How do I sign up for OpenHands Cloud with GitHub and run it on my first repo?
Most teams reach the “How do I sign up and point this at a real repo?” stage the moment OpenHands Cloud clicks for them. The good news: connecting GitHub and running OpenHands on your first repository is a short, deterministic path—not a week-long rollout project.
Quick Answer: To sign up for OpenHands Cloud with GitHub, you authenticate using your GitHub account, grant repo access, and let OpenHands index the codebase in a secure, sandboxed runtime.
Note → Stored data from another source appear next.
(* Let $b,\ell\ge1$, $s=2^b$ and $m=(s/2)^\ell=2^{(b-1)\ell}$. Let $\mathcal F_{b,\ell}$ be the family of all graphs obtained from $G_{b,\ell}$ by deleting an arbitrary subset of the level-$\ell$ vertices $\{v_{\ell,\vec j}:\vec j\in[0,s-1]^\ell\}$ together with their incident edges. Then any distance labeling scheme for $\mathcal F_{b,\ell}$ assigns, for some graph in $\mathcal F_{b,\ell}$, to some vertex a label of at least $\textsc{SumIndex}(m)-b\ell$ bits.
   Context: Notation $[a,b]=\{a,\dots,b\}$. Fix $b,\ell\ge1$, $s=2^b$, $A=3\ell s^2$. The weighted graph $H_{b,\ell}$ has vertex set $\bigcup_{i=0}^{2\ell}V_i$, $V_i=\{v_{i,\vec j}:\vec j\in[0,s-1]^\ell\}$; for $i\in[0,2\ell-1]$ let $c(i)=i+1$ if $i<\ell$, $c(i)=2\ell-i$ if $i\ge\ell$; $v_{i,\vec j}$ and $v_{i+1,\vec j'}$ are adjacent iff $j_k=j'_k$ for all $k\ne c(i)$, with weight $A+(j_{c(i)}-j'_{c(i)})^2$; no other edges. The unweighted graph $G_{b,\ell}$: each $v\in V_i$ is kept and gets attached (root adjacent to $v$) a complete binary tree $T^{\mathrm{in}}_v$ of depth $b$ (only if $i>0$) with leaves $v^{\mathrm{in}}_u$ for the neighbors $u\in V_{i-1}$, and a complete binary tree $T^{\mathrm{out}}_v$ of depth $b$ (only if $i<2\ell$) with leaves $v^{\mathrm{out}}_u$ for the neighbors $u\in V_{i+1}$; trees disjoint; for each edge $e=\{u,v\}$ of $H_{b,\ell}$, $u\in V_i,v\in V_{i+1}$, the leaves $u^{\mathrm{out}}_v$ and $v^{\mathrm{in}}_u$ are joined by a path of length $w(e)-2b-2$ through new vertices. A distance labeling scheme for a family $\mathcal F$ of graphs consists of a fixed decoding function $f$ and, for each $G\in\mathcal F$, an assignment of binary strings $\mathsf{label}(u)$ to vertices $u\in V(G)$, such that $f(\mathsf{label}(u),\mathsf{label}(v))=\mathrm{dist}_G(u,v)$ for all $u,v$. Sum-Index problem on $\mathbb Z_n$: a string $S=S_0\dots S_{n-1}\in\{0,1\}^n$ is known to both Alice and Bob; Alice also holds $a\in[0,n-1]$, Bob holds $b'\in[0,n-1]$; each simultaneously sends one message to a referee, who must output $S_{(a+b')\bmod n}$ from the two messages alone. $\textsc{SumIndex}(n)$ denotes the minimum, over deterministic such protocols, of the maximum (over inputs and both players) message length in bits. *)

From Stdlib Require Import ClassicalEpsilon.
From mathcomp Require Import all_boot.

Set Implicit Arguments.
Unset Strict Implicit.
Unset Printing Implicit Defensive.

Inductive reach {V : Type} (adj : V -> V -> Prop) : nat -> V -> V -> Prop :=
| reach0 x : reach adj 0 x x
| reachS k x w y : adj x w -> reach adj k w y -> reach adj k.+1 x y.

(* dist_is adj x y d : d is the graph distance from x to y;
   d = None encodes distance +infinity (x, y in different components). *)
Definition dist_is {V : Type} (adj : V -> V -> Prop) (x y : V)
  (d : option nat) : Prop :=
  match d with
  | Some n => reach adj n x y /\ (forall k, reach adj k x y -> n <= k)
  | None => forall k, ~ reach adj k x y
  end.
From there, you can run your first task—like summarizing open PRs or fixing failing tests—directly against that repo via the Web GUI, while keeping every agent action visible and reviewable.
Why This Matters
Connecting OpenHands Cloud to GitHub is the bridge between “AI that talks” and “agents that ship code.” Once your repo is wired in, you can delegate real SDLC work—PR summaries, refactors, dependency upgrades, and bug fixes—to agents running in a controlled, auditable environment. Instead of manually grinding through outer-loop tasks, your team gets a repeatable, observable automation layer that can scale from a single PR to thousands of parallel runs across many services.
Key Benefits:
- Faster delivery without black-box risk: Agents generate diffs, tests, and PRs you can inspect, trace, and re-run—no invisible changes, no blind trust.
- Real leverage on outer-loop work: Clear backlogs of flaky tests, vulnerability fixes, and dependency upgrades by running agents on your repos instead of burning engineer cycles.
- Scales with your stack and your models: Use OpenHands as a model-agnostic platform that grows from one repo to many, works with your GitHub org, and respects your governance (SSO, RBAC, audit trails).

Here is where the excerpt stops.